» MATERIAL SHOWN

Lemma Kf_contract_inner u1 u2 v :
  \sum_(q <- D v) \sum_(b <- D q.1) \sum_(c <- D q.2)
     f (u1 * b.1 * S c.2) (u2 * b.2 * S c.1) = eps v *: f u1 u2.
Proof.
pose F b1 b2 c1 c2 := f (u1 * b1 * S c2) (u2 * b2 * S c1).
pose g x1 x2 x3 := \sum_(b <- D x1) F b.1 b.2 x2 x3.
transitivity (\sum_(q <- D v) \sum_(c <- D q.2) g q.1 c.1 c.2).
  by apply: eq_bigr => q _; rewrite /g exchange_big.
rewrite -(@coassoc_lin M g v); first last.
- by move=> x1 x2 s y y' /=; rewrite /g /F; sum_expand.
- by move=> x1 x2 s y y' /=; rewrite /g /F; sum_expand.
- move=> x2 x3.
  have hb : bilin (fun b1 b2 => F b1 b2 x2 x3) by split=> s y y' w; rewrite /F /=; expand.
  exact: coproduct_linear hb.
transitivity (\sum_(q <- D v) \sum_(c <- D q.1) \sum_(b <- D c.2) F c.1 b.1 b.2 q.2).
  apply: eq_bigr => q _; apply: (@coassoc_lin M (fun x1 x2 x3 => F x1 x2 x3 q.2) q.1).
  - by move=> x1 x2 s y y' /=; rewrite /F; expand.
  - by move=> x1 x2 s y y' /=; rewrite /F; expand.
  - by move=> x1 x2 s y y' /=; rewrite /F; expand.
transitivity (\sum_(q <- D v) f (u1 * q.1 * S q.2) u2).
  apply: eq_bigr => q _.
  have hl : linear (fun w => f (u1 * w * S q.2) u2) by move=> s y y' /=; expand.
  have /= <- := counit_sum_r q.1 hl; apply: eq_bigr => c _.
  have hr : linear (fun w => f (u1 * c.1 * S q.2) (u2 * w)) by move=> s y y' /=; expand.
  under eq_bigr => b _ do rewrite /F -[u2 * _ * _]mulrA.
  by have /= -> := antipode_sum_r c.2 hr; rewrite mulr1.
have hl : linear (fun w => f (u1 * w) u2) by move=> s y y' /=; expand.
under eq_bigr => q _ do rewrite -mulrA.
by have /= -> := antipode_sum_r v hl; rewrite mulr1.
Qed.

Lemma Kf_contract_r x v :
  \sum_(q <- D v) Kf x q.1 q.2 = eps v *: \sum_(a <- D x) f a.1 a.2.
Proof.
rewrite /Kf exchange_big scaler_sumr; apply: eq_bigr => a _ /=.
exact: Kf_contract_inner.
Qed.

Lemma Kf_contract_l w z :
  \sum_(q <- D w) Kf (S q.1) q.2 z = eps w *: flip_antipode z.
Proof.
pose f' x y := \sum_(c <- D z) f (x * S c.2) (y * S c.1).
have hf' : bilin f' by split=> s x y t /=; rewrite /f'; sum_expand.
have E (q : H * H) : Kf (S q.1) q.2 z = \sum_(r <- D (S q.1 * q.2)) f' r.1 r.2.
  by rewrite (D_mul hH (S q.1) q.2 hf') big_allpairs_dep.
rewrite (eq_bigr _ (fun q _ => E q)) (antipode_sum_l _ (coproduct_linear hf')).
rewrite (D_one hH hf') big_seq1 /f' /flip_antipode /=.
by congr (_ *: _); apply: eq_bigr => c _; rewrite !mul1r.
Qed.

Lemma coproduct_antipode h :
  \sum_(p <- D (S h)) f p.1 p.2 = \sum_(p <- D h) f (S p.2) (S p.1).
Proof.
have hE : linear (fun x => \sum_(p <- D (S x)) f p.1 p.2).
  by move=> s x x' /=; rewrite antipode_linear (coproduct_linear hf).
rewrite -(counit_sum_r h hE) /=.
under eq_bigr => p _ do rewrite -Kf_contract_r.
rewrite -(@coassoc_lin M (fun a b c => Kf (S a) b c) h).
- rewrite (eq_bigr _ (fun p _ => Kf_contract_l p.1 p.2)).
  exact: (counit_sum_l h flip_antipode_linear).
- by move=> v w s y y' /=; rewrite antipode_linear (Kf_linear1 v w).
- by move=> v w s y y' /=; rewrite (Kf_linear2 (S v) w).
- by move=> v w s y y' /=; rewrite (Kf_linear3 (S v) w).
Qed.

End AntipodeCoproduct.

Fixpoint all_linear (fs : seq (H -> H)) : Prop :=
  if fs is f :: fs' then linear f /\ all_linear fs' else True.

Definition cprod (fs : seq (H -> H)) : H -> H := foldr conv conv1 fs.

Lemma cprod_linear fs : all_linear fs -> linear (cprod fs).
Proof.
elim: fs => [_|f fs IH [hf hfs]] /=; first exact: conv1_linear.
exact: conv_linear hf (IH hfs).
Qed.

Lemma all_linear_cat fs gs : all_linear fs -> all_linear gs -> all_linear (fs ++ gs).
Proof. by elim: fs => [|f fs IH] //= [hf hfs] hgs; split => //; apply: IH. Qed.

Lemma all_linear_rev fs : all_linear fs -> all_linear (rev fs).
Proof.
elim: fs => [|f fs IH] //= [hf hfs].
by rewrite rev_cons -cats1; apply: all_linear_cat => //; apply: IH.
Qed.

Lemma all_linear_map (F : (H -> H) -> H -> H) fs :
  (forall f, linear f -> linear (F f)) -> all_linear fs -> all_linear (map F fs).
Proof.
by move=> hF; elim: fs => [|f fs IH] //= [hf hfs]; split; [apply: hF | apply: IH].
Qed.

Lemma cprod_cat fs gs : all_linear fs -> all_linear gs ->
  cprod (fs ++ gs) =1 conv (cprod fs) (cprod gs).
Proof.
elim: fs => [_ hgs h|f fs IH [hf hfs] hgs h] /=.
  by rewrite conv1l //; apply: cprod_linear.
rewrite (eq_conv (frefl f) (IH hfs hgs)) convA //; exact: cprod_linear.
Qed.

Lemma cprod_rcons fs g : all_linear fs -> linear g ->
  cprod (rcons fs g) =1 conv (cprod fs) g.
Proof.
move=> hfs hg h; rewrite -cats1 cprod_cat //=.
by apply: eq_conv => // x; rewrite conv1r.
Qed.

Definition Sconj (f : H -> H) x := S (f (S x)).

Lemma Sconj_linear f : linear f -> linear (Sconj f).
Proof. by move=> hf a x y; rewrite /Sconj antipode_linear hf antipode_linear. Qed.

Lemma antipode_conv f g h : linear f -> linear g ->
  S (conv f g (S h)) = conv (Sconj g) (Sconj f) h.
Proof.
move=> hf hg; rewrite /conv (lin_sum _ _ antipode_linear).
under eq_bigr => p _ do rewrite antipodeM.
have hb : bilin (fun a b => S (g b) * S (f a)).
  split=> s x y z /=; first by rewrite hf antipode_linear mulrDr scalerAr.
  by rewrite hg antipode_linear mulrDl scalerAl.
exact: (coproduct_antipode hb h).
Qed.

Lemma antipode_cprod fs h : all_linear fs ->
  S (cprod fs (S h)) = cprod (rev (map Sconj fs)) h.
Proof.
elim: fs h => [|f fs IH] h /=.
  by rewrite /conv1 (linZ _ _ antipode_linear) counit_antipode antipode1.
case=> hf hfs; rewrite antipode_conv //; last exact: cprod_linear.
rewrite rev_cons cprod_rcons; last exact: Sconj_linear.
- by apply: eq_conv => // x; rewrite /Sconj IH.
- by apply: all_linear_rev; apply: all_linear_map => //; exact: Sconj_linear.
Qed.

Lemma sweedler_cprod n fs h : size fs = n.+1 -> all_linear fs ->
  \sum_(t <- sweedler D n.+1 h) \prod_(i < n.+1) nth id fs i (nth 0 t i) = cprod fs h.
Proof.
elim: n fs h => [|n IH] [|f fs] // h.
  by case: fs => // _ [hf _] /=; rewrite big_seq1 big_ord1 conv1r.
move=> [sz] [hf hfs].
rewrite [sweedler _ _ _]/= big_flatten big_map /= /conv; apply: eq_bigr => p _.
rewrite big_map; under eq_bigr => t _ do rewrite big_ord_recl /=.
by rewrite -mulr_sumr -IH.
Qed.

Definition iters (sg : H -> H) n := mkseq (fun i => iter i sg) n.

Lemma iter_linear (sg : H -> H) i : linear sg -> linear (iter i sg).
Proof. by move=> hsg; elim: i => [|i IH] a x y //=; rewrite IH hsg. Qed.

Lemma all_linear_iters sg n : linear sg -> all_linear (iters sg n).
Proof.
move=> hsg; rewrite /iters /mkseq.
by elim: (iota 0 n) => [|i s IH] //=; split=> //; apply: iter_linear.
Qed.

» WHAT THE TASK ASKS
Print, without alteration, only the lines above between the one holding "move=> hf hg;" and the one holding "- by apply: eq_conv", inclusive.

» SOLVED PROBLEM
move=> hf hg; rewrite /conv (lin_sum _ _ antipode_linear).
under eq_bigr => p _ do rewrite antipodeM.
have hb : bilin (fun a b => S (g b) * S (f a)).
  split=> s x y z /=; first by rewrite hf antipode_linear mulrDr scalerAr.
  by rewrite hg antipode_linear mulrDl scalerAl.
exact: (coproduct_antipode hb h).
Qed.

Lemma antipode_cprod fs h : all_linear fs ->
  S (cprod fs (S h)) = cprod (rev (map Sconj fs)) h.
Proof.
elim: fs h => [|f fs IH] h /=.
  by rewrite /conv1 (linZ _ _ antipode_linear) counit_antipode antipode1.
case=> hf hfs; rewrite antipode_conv //; last exact: cprod_linear.
rewrite rev_cons cprod_rcons; last exact: Sconj_linear.
- by apply: eq_conv => // x; rewrite /Sconj IH.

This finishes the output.